-------- Records shown --------

(* For $i=1,2$ let $\alpha_i\in[-1,1]$ and let $f_{\alpha_i}=h_i+\overline{g_i}\in S_H$ with $h_i(z)+g_i(z)=\dfrac{z(1-\alpha_i z)}{1-z^2}$, with dilatations $\omega_i=g_i'/h_i'$. If $\Re\big((1-\omega_1(z)\overline{\omega_2(z)})\,h_1'(z)\overline{h_2'(z)}\big)>0$ for all $z\in E$, then for every $0\le t\le1$ the map $f=tf_{\alpha_1}+(1-t)f_{\alpha_2}$ belongs to $S_H$ and maps $E$ onto a domain convex in the direction of the imaginary axis.
   Context: $E=\{z\in\mathbb{C}:|z|<1\}$. For a harmonic mapping $f=h+\overline{g}$ on $E$ with $h,g$ analytic, the dilatation is $\omega=g'/h'$. $S_H$ denotes the class of harmonic, univalent, sense-preserving mappings $f=h+\overline{g}$ of $E$ ($h'\ne0$, $|\omega|<1$) normalized by $f(0)=0$, $f_z(0)=1$. A domain $\Omega$ is convex in the direction of the imaginary axis if every line parallel to the imaginary axis has connected or empty intersection with $\Omega$. *)

From Stdlib Require Import Reals Lra.
Open Scope R_scope.

Record Cx := mkC { Re : R ; Im : R }.

Definition Cadd (z w : Cx) : Cx := mkC (Re z + Re w) (Im z + Im w).
Definition Csub (z w : Cx) : Cx := mkC (Re z - Re w) (Im z - Im w).
Definition Cmul (z w : Cx) : Cx :=
  mkC (Re z * Re w - Im z * Im w) (Re z * Im w + Im z * Re w).
Definition Cconj (z : Cx) : Cx := mkC (Re z) (- Im z).
Definition Cnorm2 (z : Cx) : R := Re z * Re z + Im z * Im z.
Definition Cabs (z : Cx) : R := sqrt (Cnorm2 z).
Definition Cinv (z : Cx) : Cx := mkC (Re z / Cnorm2 z) (- Im z / Cnorm2 z).
Definition Cdiv (z w : Cx) : Cx := Cmul z (Cinv w).
Definition RtoC (r : R) : Cx := mkC r 0.
Definition Cx0 : Cx := RtoC 0.
Definition Cx1 : Cx := RtoC 1.

Definition inE (z : Cx) : Prop := Cabs z < 1.

Definition has_cderiv (f : Cx -> Cx) (z l : Cx) : Prop :=
  forall eps, 0 < eps -> exists del, 0 < del /\
    forall w, Cabs (Csub w z) < del ->
      Cabs (Csub (Csub (f w) (f z)) (Cmul l (Csub w z))) <= eps * Cabs (Csub w z).

Definition analytic_on_E (h h' : Cx -> Cx) : Prop :=
  forall z, inE z -> has_cderiv h z (h' z).

Definition harm (h g : Cx -> Cx) (z : Cx) : Cx := Cadd (h z) (Cconj (g z)).

Definition dilat (h' g' : Cx -> Cx) (z : Cx) : Cx := Cdiv (g' z) (h' z).

Definition in_SH (h g h' g' : Cx -> Cx) : Prop :=
  analytic_on_E h h' /\ analytic_on_E g g' /\
  (forall z, inE z -> h' z <> Cx0) /\
  (forall z, inE z -> Cabs (dilat h' g' z) < 1) /\
  (forall z1 z2, inE z1 -> inE z2 -> harm h g z1 = harm h g z2 -> z1 = z2) /\
  harm h g Cx0 = Cx0 /\
  h' Cx0 = Cx1.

--------

• **Exercise prompt**:
Check each line of the records for the string "Cadd" and copy those that have it.

• **Exercise answer**:
Definition Cadd (z w : Cx) : Cx := mkC (Re z + Re w) (Im z + Im w).
Definition harm (h g : Cx -> Cx) (z : Cx) : Cx := Cadd (h z) (Cconj (g z)).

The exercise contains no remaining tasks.